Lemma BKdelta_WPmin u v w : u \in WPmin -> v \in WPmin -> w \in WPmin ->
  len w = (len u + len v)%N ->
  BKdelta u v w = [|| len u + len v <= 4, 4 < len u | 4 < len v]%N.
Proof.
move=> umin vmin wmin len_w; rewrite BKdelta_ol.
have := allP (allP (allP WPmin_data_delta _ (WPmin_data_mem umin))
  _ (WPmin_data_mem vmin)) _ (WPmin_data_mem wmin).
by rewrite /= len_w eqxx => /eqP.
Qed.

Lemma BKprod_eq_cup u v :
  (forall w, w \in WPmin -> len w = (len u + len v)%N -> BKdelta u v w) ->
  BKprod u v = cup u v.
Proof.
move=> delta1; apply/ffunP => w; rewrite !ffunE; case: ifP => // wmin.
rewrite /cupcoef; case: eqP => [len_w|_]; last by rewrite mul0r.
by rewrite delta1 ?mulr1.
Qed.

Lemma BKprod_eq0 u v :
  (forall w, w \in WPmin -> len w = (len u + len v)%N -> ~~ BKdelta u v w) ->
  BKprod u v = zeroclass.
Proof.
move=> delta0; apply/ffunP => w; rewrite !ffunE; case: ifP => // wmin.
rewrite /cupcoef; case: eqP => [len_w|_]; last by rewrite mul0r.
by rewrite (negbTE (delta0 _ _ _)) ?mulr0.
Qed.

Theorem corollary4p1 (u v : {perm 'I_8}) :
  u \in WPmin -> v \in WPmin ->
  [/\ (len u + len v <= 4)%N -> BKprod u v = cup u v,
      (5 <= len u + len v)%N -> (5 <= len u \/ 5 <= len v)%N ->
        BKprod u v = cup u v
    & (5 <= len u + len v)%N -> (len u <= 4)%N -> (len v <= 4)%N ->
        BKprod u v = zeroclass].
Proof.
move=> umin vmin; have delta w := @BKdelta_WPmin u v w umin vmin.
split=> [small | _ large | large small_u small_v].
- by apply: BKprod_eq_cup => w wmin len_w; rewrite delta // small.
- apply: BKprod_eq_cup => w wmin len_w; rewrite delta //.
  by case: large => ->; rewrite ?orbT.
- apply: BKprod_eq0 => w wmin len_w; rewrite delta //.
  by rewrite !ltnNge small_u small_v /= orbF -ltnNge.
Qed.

---

## Exercise
Show all lines above holding the word "apply".

## Written solution
move=> delta1; apply/ffunP => w; rewrite !ffunE; case: ifP => // wmin.
move=> delta0; apply/ffunP => w; rewrite !ffunE; case: ifP => // wmin.
- by apply: BKprod_eq_cup => w wmin len_w; rewrite delta // small.
- apply: BKprod_eq_cup => w wmin len_w; rewrite delta //.
- apply: BKprod_eq0 => w wmin len_w; rewrite delta //.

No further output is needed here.